I don’t know about anyone else, but I don’t comment to try and soothe or calm you. I don’t know you, so I’d be a smashing failure some way or other if I tried. I comment because I want you to know that you’re heard, and that your words and experiences matter. If comfort happens, that’s wonderful and I’m glad.
November 19th, 2006 at 12:22 am
Well, I’m afraid that came off wrong in the writing… I don’t mean to discourage anybody from posting, because it means the world to me.
I mean, theres a very large part of me that realizes that this stuff, the writing, and the commenting, and the immediacy of this does some folks a whole lotta good. The grieving process is a human condition, and draws us together intimately.
I was telling somebody that its kinda like when you went on an overnight trip in high school with classmates, like a band trip, or something. For those days you do that, the people you normally associate with one thing become something else. When you get back to normal life, a shadow of that remains, and brings them closer to you.
Or something.
November 19th, 2006 at 12:24 am
I can’t say it any better than those who’ve commented above me here. I agree with them all. You’ll get through this. You need some time alone so you can let all of the walls around you down and grieve.

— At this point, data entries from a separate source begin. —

(* Let $d\ge2$, $n=3$, and let $f$ be a stable update function. For a configuration $\mathcal U^{(t)}$ of three opinions define $P^{(t)}:=\gamma_{12}^{(t)}+\gamma_{13}^{(t)}+\gamma_{23}^{(t)}$. If $\mathcal U^{(t+1)}$ is obtained from $\mathcal U^{(t)}$ by any single interaction, then $P^{(t+1)}\le P^{(t)}$.
   Context: Opinions are unit vectors in $\mathbb R^d$; a configuration is a tuple $(\vec u_1,\vec u_2,\vec u_3)$, $A_{ij}=\langle\vec u_i,\vec u_j\rangle$. An interaction $(i,j)$, $i\ne j$, replaces $\vec u_i$ by $\vec w/\|\vec w\|$ with $\vec w=\vec u_i+f(A_{ij})\vec u_j$, leaving other opinions unchanged. $f:[-1,1]\to\mathbb R$ is stable if continuous and $\operatorname{sign}f(A)=\operatorname{sign}A$ for all $A$. The angle is $\alpha(\vec u,\vec v)=\arccos\langle\vec u,\vec v\rangle\in[0,\pi]$ and the effective angle is $\gamma(\vec u,\vec v)=\min(\alpha(\vec u,\vec v),\pi-\alpha(\vec u,\vec v))$; $\gamma_{ij}^{(t)}=\gamma(\vec u_i^{(t)},\vec u_j^{(t)})$. *)

From HB Require Import structures.
From mathcomp Require Import all_boot all_order all_algebra.
From mathcomp Require Import all_classical all_reals all_analysis.
Set Implicit Arguments. Unset Strict Implicit. Unset Printing Implicit Defensive.
Import Order.TTheory GRing.Theory Num.Theory.
Import numFieldNormedType.Exports.
Local Open Scope ring_scope.
Local Open Scope classical_set_scope.

Section Opinions.
Variable R : realType.

Definition dotp (d : nat) (u v : 'rV[R]_d) : R := \sum_(k < d) u 0 k * v 0 k.

Definition enorm (d : nat) (u : 'rV[R]_d) : R := Num.sqrt (dotp u u).

Definition unit_vec (d : nat) (u : 'rV[R]_d) : Prop := dotp u u = 1.

Definition config (d : nat) := 'I_3 -> 'rV[R]_d.

Definition is_config (d : nat) (U : config d) : Prop := forall k, unit_vec (U k).

Definition stable (f : R -> R) : Prop :=
  {within `[-1, 1], continuous f} /\
  (forall A, -1 <= A <= 1 -> Num.sg (f A) = Num.sg A).

Definition angle (d : nat) (u v : 'rV[R]_d) : R := acos (dotp u v).
Definition eff_angle (d : nat) (u v : 'rV[R]_d) : R :=
  Num.min (angle u v) (pi - angle u v).

Definition interaction_w (f : R -> R) (d : nat) (U : config d) (i j : 'I_3)
  : 'rV[R]_d := U i + f (dotp (U i) (U j)) *: U j.

Definition interact (f : R -> R) (d : nat) (U : config d) (i j : 'I_3)
  : config d :=
  fun k => if k == i then (enorm (interaction_w f U i j))^-1 *: interaction_w f U i j
           else U k.

(* P = gamma_12 + gamma_13 + gamma_23 (0-based indices) *)
Definition potP (d : nat) (U : config d) : R :=
  eff_angle (U 0) (U 1) + eff_angle (U 0) (U 2%:R) + eff_angle (U 1) (U 2%:R).

End Opinions.

(* On unit vectors the effective angle gamma(u, v) = acos |<u, v>| is the angle
   between the lines through u and v, and it satisfies the triangle inequality.
   Since f(A) A >= 0, the updated opinion w / |w| lies on the arc between u_i and
   +-u_j, so gamma(u_i', u_i) + gamma(u_i', u_j) = gamma(u_i, u_j).  For the third
   index k, the triangle inequality through u_i then gives
   gamma(u_i', u_j) + gamma(u_i', u_k) <= gamma(u_i, u_j) + gamma(u_i, u_k),
   while gamma(u_j, u_k) does not change. *)

From HB Require Import structures.
From mathcomp Require Import all_boot all_order all_algebra.
From mathcomp Require Import all_classical all_reals all_analysis.
From mathcomp Require Import ring lra.
Import Order.TTheory GRing.Theory Num.Theory.
Local Open Scope ring_scope.

Section InnerProduct.
Context {R : realType} {d : nat}.
Local Set Implicit Arguments.
Local Unset Strict Implicit.
Implicit Types u v w : 'rV[R]_d.

Lemma dotpC u v : dotp u v = dotp v u.
Proof. by apply: eq_bigr => k _; rewrite mulrC. Qed.

Lemma dotpDl u v w : dotp (u + v) w = dotp u w + dotp v w.
Proof. by rewrite /dotp -big_split; apply: eq_bigr => k _; rewrite !mxE mulrDl. Qed.

Lemma dotpZl (a : R) u w : dotp (a *: u) w = a * dotp u w.
Proof. by rewrite /dotp mulr_sumr; apply: eq_bigr => k _; rewrite !mxE mulrA. Qed.

Lemma dotpNl u w : dotp (- u) w = - dotp u w.
Proof. by rewrite -scaleN1r dotpZl mulN1r. Qed.

Lemma dotpDr u v w : dotp w (u + v) = dotp w u + dotp w v.
Proof. by rewrite dotpC dotpDl !(dotpC w). Qed.

Lemma dotpZr (a : R) u w : dotp w (a *: u) = a * dotp w u.
Proof. by rewrite dotpC dotpZl dotpC. Qed.

Lemma dotpNr u w : dotp w (- u) = - dotp w u.
Proof. by rewrite dotpC dotpNl dotpC. Qed.

Lemma dotpp_ge0 u : 0 <= dotp u u.
Proof. by apply: sumr_ge0 => k _; rewrite -expr2 sqr_ge0. Qed.

Lemma dotp_CauchySchwarz u v : dotp u v ^+ 2 <= dotp u u * dotp v v.
Proof.
pose S (F : 'I_d -> 'I_d -> R) := \sum_(i < d) \sum_(j < d) F i j.
have uuvv : dotp u u * dotp v v = S (fun i j => u 0 i ^+ 2 * v 0 j ^+ 2).
  rewrite /dotp mulr_suml; apply: eq_bigr => i _; rewrite mulr_sumr.
  by apply: eq_bigr => j _; ring.
have uv2 : dotp u v ^+ 2 = S (fun i j => u 0 i * v 0 i * (u 0 j * v 0 j)).
  by rewrite /dotp expr2 mulr_suml; apply: eq_bigr => i _; rewrite mulr_sumr.
have uuvv_swap : dotp u u * dotp v v = S (fun i j => u 0 j ^+ 2 * v 0 i ^+ 2).
  by rewrite uuvv /S exchange_big.
have lagrange : S (fun i j => (u 0 i * v 0 j - u 0 j * v 0 i) ^+ 2)
    = dotp u u * dotp v v + dotp u u * dotp v v - dotp u v ^+ 2 *+ 2.
  rewrite {1}uuvv uuvv_swap uv2 /S -sumrMnl -big_split -sumrB.
  apply: eq_bigr => i _; rewrite -sumrMnl -big_split -sumrB.
  by apply: eq_bigr => j _; rewrite /= mulr2n; ring.
have : 0 <= S (fun i j => (u 0 i * v 0 j - u 0 j * v 0 i) ^+ 2).
  by apply: sumr_ge0 => i _; apply: sumr_ge0 => j _; rewrite sqr_ge0.
rewrite lagrange mulr2n; lra.
Qed.

Lemma normr_dotp_le u v : `|dotp u v| <= enorm u * enorm v.
Proof.
rewrite /enorm -sqrtrM ?dotpp_ge0 // -sqrtr_sqr ler_sqrt ?dotp_CauchySchwarz //.
by rewrite mulr_ge0 ?dotpp_ge0.
Qed.

Lemma unit_dotp_bound u v : unit_vec u -> unit_vec v -> -1 <= dotp u v <= 1.
Proof.
move=> hu hv; rewrite -ler_norml.
by have := normr_dotp_le u v; rewrite /enorm hu hv sqrtr1 mulr1.
Qed.

Lemma unit_vecN u : unit_vec u -> unit_vec (- u).
Proof. by rewrite /unit_vec dotpNl dotpNr opprK. Qed.

Definition normalize w : 'rV[R]_d := (enorm w)^-1 *: w.

Lemma normalize_unit w : dotp w w != 0 -> unit_vec (normalize w).
Proof.
move=> w0; have w_ge0 := dotpp_ge0 w.
rewrite /unit_vec /normalize dotpZl dotpZr /enorm mulrA -invfM -expr2.
by rewrite sqr_sqrtr // mulVf.
Qed.

(* Cosine form of the spherical triangle inequality: cos (a + b) <= cos c for
   the sides a, b, c of the triangle u v w. *)
Lemma unit_dotp_triangle u v w : unit_vec u -> unit_vec v -> unit_vec w ->
  dotp u v * dotp v w - Num.sqrt (1 - dotp u v ^+ 2) * Num.sqrt (1 - dotp v w ^+ 2)
  <= dotp u w.
Proof.
rewrite /unit_vec => hu hv hw.
set x := dotp u v; set y := dotp v w.
have := normr_dotp_le (u - x *: v) (w - y *: v); rewrite /enorm.
have -> : dotp (u - x *: v) (w - y *: v) = dotp u w - x * y.
  by rewrite !(dotpDl, dotpDr, dotpNl, dotpNr, dotpZl, dotpZr) hv -/x -/y; ring.
have -> : dotp (u - x *: v) (u - x *: v) = 1 - x ^+ 2.
  by rewrite !(dotpDl, dotpDr, dotpNl, dotpNr, dotpZl, dotpZr) hv hu (dotpC v u) -/x; ring.
have -> : dotp (w - y *: v) (w - y *: v) = 1 - y ^+ 2.
  by rewrite !(dotpDl, dotpDr, dotpNl, dotpNr, dotpZl, dotpZr) hv hw (dotpC w v) -/y; ring.
have := ler_norm (- (dotp u w - x * y)); rewrite normrN; lra.
Qed.

End InnerProduct.

Lemma normrD_eq {R : realDomainType} (x y : R) :
  0 <= x * y -> `|x + y| = `|x| + `|y|.
Proof.
move=> xy_ge0; have [x_ge0|x_lt0] := lerP 0 x; have [y_ge0|y_lt0] := lerP 0 y.
- by rewrite !ger0_norm // addr_ge0.
- have -> : x = 0 by nra.
  by rewrite add0r normr0 add0r.
- have -> : y = 0 by nra.
  by rewrite addr0 normr0 addr0.
- by rewrite !ltr0_norm ?opprD // ltr_nwDr // ltW.
Qed.

Section Arccos.
Context {R : realType}.
Local Set Implicit Arguments.
Local Unset Strict Implicit.
Implicit Types x y z t : R.

Lemma acos_le_of_cos_le z t : -1 <= z <= 1 -> 0 <= t <= pi ->
  cos t <= z -> acos z <= t.
Proof.
move=> hz ht cos_le; rewrite leNgt; apply/negP => t_lt.
have acos_itv : acos z \in `[0, pi] by rewrite in_itv /= acos_ge0 // acos_lepi.
have : cos (acos z) < cos t by rewrite ltr_cos // in_itv.
by rewrite acosK ?in_itv // ltNge cos_le.
Qed.

Lemma cos_acosD x y : -1 <= x <= 1 -> -1 <= y <= 1 ->
  cos (acos x + acos y) = x * y - Num.sqrt (1 - x ^+ 2) * Num.sqrt (1 - y ^+ 2).
Proof. by move=> hx hy; rewrite cosD !acosK ?in_itv // !sin_acos. Qed.

Lemma acos_le_pihalf x : 0 <= x <= 1 -> acos x <= pi / 2.
Proof.
move=> /andP[x_ge0 x_le1]; apply: acos_le_of_cos_le.
- by rewrite x_le1 andbT (le_trans _ x_ge0) ?lerN10.
- by rewrite divr_ge0 ?pi_ge0 //= ler_pdivrMr // ler_peMr ?pi_ge0 // ler1n.
- by rewrite cos_pihalf.
Qed.

Lemma min_acos_pi x : -1 <= x <= 1 -> Num.min (acos x) (pi - acos x) = acos `|x|.
Proof.
move=> x_itv; have /andP[x_geN1 x_le1] := x_itv.
have pi_halves : pi / 2 + pi / 2 = pi :> R by field.
have [x_ge0|x_lt0] := lerP 0 x.
  rewrite ger0_norm //; apply: min_l.
  have : acos x <= pi / 2 by rewrite acos_le_pihalf // x_ge0.
  lra.
rewrite ltr0_norm // acosN //; apply: min_r.
have : acos (- x) <= pi / 2 by rewrite acos_le_pihalf //; apply/andP; split; lra.
rewrite acosN //; lra.
Qed.

Lemma acos_le_acosD x y z : 0 <= x <= 1 -> 0 <= y <= 1 -> -1 <= z <= 1 ->
  x * y - Num.sqrt (1 - x ^+ 2) * Num.sqrt (1 - y ^+ 2) <= z ->
  acos z <= acos x + acos y.
Proof.
move=> /andP[x_ge0 x_le1] /andP[y_ge0 y_le1] z_itv cos_le.
have x_itv : -1 <= x <= 1 by apply/andP; split; lra.
have y_itv : -1 <= y <= 1 by apply/andP; split; lra.
have [sum_le|sum_gt] := lerP (acos x + acos y) pi; last first.
  exact: le_trans (acos_lepi _) (ltW sum_gt).
apply: acos_le_of_cos_le => //; last by rewrite cos_acosD.
by rewrite sum_le andbT addr_ge0 // acos_ge0.
Qed.

(* If a = <u, v> >= 0 for unit vectors u, v and w = u + b v with b >= 0, then
   <w, u> = 1 + a b, <w, v> = a + b and |w|^2 = 1 + 2 a b + b^2: the angles from
   w to u and to v add up to the angle between u and v. *)
Lemma acos_split (a b : R) : 0 <= a <= 1 -> 0 <= b ->
  acos ((1 + a * b) / Num.sqrt (1 + a * b * 2 + b ^+ 2))
  + acos ((a + b) / Num.sqrt (1 + a * b * 2 + b ^+ 2)) = acos a.
Proof.
move=> /andP[a_ge0 a_le1] b_ge0.
set M := 1 + a * b * 2 + b ^+ 2; set N := Num.sqrt M.
have M_ge1 : 1 <= M by rewrite /M; nra.
have N_gt0 : 0 < N by rewrite sqrtr_gt0; lra.
have N2 : N ^+ 2 = M by rewrite sqr_sqrtr //; lra.
set s := Num.sqrt (1 - a ^+ 2).
have s_ge0 : 0 <= s by apply: sqrtr_ge0.
have s2 : s ^+ 2 = 1 - a ^+ 2 by rewrite sqr_sqrtr //; nra.
set p := (1 + a * b) / N; set q := (a + b) / N.
have p_ge0 : 0 <= p by rewrite divr_ge0 //; nra.
have q_ge0 : 0 <= q by rewrite divr_ge0 //; nra.
have N_neq0 : N != 0 by rewrite gt_eqF.
have M_neq0 : M != 0 by rewrite gt_eqF //; lra.
have p2 : 1 - p ^+ 2 = (b * s / N) ^+ 2.
  by rewrite /p !expr_div_n exprMn N2 s2 /M; field; rewrite -/M.
have q2 : 1 - q ^+ 2 = (s / N) ^+ 2.
  by rewrite /q !expr_div_n N2 s2 /M; field; rewrite -/M.
have bsN_ge0 : 0 <= b * s / N by rewrite divr_ge0 ?mulr_ge0 // ltW.
have sN_ge0 : 0 <= s / N by rewrite divr_ge0 // ltW.
have p_le1 : p <= 1 by nra.
have q_le1 : q <= 1 by nra.
have p_itv : -1 <= p <= 1 by apply/andP; split; lra.
have q_itv : -1 <= q <= 1 by apply/andP; split; lra.
have cos_sum : cos (acos p + acos q) = a.
  rewrite cos_acosD // p2 q2 !sqrtr_sqr !ger0_norm // /p /q.
  have -> : (1 + a * b) / N * ((a + b) / N) - b * s / N * (s / N)
     = ((1 + a * b) * (a + b) - b * s ^+ 2) / N ^+ 2 by field.
  by rewrite N2 s2 /M; field; rewrite -/M.
have p_half : acos p <= pi / 2 by rewrite acos_le_pihalf // p_ge0.
have q_half : acos q <= pi / 2 by rewrite acos_le_pihalf // q_ge0.
have pi_halves : pi / 2 + pi / 2 = pi :> R by field.
rewrite -cos_sum cosK // in_itv /= addr_ge0 ?acos_ge0 //=; lra.
Qed.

November 19th, 2006 at 12:26 am
well, i have to agree with you about Anodyne…and i’m a bit reticent to give this recommendation because it might strike too close too soon…but i’m a firm believer in the healing powers of well crafted lovely melancholy, so:
download (on your fancy pants new machine)
“i don’t think i’ll ever get over you” - colin hay
“lay me down” - connells
“bright smile” - josh ritter
boy, i’ve got a mix for you, if you want some new burned for you.
if you want a stranger to send you music, i’d happily oblige. just drop a line to
healyhutch at hotmail dot com
-jana
November 19th, 2006 at 12:48 am
No words of wisdom. No quotes or poetry. No advice.
Just I am sorry. I am so very sorry.
November 19th, 2006 at 12:51 am
Yeah, I was a bandie. “Or something” is right.
I didn’t feel discouraged from posting. (Hah! Just try!) The reason I came back tonight, actually, was to share that I think I’ve figured out why I’ve commented a few times. I never know what to write in greeting cards, I always feel stilted and awkward and I don’t do trite phrases or platitudes well. (Hence the naked-samurai-sword reference.) But I commented here, unasked, because this whole process, of you writing and everyone else reading, HAS been very intimate and personal, and I admire the hell out of you for that. And wanted to offer something of myself, though it pales in comparison, in return. Even if it’s just smartass or therapisty remarks, both of which apply.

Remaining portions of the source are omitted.